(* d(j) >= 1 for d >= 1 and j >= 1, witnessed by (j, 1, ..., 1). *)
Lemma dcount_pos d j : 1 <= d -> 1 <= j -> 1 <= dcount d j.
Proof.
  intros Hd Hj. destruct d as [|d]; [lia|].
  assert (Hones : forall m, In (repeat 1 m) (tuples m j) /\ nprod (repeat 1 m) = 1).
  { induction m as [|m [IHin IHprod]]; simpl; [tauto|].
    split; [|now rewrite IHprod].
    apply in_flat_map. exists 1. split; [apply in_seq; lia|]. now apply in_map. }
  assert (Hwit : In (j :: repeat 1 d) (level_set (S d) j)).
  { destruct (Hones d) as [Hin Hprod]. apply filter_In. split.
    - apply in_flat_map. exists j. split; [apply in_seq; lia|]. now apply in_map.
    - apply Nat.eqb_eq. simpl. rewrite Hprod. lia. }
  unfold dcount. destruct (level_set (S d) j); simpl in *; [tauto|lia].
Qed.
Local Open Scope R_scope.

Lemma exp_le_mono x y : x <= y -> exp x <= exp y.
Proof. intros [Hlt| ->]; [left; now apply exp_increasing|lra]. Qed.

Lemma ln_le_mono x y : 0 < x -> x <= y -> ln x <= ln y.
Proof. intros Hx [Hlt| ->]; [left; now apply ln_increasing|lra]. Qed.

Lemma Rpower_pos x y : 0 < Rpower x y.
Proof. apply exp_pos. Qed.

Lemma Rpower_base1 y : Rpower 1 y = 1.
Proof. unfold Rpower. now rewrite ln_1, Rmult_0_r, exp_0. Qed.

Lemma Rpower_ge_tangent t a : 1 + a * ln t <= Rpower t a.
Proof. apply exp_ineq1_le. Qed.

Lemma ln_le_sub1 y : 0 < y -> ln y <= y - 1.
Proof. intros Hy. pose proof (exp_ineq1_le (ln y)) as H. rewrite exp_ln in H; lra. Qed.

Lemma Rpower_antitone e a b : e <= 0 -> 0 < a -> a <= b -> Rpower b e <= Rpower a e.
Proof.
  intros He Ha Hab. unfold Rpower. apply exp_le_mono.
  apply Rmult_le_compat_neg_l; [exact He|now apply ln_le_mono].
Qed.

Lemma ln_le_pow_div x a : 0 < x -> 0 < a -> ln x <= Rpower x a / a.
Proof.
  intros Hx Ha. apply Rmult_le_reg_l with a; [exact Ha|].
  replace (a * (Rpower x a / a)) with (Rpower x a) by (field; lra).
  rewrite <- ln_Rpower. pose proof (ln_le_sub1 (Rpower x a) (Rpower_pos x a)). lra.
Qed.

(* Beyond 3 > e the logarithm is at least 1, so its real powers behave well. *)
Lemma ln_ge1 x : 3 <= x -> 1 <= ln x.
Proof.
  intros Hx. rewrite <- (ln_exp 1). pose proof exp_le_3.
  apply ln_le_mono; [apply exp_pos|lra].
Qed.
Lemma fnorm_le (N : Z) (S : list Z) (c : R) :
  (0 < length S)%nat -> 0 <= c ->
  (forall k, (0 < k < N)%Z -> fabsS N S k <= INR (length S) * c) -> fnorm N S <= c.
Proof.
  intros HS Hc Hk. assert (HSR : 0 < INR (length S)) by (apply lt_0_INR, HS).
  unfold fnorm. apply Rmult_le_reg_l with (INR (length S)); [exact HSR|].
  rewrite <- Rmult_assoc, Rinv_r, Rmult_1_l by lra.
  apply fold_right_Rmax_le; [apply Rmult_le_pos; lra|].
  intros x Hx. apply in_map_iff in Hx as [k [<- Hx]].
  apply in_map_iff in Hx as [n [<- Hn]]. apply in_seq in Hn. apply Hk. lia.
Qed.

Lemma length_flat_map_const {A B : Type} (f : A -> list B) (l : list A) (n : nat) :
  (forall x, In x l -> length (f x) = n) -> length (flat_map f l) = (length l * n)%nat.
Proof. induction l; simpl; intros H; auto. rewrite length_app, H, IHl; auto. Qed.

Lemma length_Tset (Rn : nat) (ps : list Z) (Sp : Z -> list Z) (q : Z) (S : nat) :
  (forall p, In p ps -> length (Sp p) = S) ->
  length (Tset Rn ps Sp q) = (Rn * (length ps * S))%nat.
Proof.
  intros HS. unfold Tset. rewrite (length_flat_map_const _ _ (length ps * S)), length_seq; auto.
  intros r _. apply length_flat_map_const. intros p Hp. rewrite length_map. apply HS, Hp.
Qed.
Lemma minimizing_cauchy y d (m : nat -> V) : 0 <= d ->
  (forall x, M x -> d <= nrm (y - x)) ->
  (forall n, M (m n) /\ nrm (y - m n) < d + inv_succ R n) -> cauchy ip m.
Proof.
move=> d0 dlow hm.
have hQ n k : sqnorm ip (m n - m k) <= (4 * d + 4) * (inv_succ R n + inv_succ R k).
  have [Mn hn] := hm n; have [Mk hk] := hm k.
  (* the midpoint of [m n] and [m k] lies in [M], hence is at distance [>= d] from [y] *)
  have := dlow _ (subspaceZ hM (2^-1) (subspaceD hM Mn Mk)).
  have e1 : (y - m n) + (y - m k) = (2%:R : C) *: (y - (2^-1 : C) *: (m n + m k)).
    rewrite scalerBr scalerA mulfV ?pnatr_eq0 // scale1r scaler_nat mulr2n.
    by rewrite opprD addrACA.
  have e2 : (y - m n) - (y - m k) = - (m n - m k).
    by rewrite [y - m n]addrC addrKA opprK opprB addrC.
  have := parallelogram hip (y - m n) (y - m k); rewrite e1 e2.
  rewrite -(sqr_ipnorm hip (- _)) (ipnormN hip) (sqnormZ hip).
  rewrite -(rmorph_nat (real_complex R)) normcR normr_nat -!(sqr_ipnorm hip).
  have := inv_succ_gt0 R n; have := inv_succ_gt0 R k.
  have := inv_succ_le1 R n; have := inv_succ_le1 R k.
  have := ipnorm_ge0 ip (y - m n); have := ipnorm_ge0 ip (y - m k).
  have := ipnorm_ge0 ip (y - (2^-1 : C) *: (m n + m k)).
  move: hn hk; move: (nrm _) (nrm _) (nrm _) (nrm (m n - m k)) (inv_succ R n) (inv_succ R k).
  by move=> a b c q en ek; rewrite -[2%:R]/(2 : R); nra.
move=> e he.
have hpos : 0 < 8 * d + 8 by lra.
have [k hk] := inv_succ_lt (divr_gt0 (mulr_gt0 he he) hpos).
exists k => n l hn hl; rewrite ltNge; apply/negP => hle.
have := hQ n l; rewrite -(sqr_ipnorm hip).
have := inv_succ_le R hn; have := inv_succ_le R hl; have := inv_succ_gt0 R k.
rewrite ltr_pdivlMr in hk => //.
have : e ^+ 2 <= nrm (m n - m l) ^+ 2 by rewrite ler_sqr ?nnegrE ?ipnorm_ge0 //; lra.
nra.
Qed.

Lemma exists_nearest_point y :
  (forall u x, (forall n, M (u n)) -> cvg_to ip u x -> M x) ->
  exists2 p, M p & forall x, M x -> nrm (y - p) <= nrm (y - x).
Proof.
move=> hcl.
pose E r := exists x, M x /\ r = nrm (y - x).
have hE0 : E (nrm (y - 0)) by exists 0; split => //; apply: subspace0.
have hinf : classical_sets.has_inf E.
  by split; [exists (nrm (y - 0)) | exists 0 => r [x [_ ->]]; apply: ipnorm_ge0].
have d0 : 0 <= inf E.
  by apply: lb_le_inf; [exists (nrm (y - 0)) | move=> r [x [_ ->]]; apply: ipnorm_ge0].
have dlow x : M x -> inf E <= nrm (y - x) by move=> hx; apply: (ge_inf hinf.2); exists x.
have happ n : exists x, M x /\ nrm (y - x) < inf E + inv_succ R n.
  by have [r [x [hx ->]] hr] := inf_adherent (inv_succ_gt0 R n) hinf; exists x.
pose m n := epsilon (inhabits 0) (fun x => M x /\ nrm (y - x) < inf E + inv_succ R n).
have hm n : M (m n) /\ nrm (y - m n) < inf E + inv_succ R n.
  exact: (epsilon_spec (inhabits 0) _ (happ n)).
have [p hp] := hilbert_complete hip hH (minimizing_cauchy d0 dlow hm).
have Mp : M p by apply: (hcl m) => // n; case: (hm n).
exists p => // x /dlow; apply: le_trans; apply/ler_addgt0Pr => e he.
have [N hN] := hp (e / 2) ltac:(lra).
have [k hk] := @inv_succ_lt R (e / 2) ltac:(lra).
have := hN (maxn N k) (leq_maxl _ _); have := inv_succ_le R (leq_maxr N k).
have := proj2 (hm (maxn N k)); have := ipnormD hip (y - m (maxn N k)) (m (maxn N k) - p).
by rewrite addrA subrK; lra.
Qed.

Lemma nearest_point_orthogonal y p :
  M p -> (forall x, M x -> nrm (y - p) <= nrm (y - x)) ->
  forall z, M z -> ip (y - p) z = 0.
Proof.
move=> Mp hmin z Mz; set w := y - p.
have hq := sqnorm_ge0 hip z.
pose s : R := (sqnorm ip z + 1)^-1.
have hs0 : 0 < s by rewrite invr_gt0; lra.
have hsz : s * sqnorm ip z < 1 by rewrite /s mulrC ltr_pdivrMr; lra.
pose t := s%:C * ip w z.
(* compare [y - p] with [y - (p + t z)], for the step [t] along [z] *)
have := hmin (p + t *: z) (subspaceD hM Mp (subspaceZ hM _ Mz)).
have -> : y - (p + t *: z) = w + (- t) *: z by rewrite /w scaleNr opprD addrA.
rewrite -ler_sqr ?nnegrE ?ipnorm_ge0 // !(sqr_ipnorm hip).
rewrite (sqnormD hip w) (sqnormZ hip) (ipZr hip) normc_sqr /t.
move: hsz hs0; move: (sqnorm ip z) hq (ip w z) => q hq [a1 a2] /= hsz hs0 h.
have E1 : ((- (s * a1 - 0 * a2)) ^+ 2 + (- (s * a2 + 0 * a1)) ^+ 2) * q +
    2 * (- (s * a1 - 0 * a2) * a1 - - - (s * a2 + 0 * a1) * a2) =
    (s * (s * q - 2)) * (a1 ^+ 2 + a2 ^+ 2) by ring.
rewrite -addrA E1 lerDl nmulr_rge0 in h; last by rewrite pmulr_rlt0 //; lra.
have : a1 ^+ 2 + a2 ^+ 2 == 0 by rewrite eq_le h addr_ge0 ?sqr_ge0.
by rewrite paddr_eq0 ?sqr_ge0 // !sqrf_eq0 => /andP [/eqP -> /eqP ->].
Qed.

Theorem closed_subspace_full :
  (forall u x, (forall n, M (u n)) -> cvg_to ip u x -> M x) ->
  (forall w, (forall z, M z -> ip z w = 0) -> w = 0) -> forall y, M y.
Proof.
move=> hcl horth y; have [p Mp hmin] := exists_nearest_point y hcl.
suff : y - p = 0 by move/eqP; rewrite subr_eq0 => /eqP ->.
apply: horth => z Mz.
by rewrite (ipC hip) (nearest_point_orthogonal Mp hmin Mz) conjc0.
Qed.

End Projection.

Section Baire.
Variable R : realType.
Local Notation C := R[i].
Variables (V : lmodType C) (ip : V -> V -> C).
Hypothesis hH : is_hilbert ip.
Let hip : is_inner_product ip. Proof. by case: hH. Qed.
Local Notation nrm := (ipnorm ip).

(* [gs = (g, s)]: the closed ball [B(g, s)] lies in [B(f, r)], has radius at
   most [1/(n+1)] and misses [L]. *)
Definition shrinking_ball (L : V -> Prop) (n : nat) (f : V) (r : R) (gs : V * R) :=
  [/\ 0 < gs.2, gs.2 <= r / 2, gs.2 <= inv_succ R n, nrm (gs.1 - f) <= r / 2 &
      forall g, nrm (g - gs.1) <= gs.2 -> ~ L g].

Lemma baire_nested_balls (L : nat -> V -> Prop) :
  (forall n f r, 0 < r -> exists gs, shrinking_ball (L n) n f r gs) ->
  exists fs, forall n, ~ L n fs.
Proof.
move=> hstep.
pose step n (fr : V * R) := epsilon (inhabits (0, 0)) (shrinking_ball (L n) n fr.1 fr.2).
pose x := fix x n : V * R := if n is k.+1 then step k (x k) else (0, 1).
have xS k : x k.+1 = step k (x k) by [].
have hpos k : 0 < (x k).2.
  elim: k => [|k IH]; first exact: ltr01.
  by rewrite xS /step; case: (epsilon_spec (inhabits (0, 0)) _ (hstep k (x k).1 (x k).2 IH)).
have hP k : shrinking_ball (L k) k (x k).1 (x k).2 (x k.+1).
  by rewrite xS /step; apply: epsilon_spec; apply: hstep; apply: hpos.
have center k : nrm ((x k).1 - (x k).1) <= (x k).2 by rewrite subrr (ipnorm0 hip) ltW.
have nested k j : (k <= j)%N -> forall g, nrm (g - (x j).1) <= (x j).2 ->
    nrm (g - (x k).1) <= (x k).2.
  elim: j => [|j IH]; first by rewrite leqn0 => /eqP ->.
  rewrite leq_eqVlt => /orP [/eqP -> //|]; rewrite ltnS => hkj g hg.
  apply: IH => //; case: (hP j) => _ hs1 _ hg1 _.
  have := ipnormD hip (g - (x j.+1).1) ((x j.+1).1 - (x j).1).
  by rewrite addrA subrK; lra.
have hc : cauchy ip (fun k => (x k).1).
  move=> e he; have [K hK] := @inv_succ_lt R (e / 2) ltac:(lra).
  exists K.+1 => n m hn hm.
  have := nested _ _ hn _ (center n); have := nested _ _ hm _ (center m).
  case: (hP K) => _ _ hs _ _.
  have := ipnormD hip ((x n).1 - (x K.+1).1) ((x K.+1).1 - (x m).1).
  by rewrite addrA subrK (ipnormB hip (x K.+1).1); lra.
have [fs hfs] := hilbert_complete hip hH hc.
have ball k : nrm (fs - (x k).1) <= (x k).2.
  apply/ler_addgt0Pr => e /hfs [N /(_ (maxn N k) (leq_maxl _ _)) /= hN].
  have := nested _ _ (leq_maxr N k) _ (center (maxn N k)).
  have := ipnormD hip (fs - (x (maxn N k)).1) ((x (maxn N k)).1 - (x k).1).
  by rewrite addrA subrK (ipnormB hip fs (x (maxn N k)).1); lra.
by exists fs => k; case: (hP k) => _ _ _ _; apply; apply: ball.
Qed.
■ ■ ■ ■
■ TASK
Check every line of the listing for the string "intros" and report how many lines have it, as a number alone.

■ EXERCISE RESPONSE
12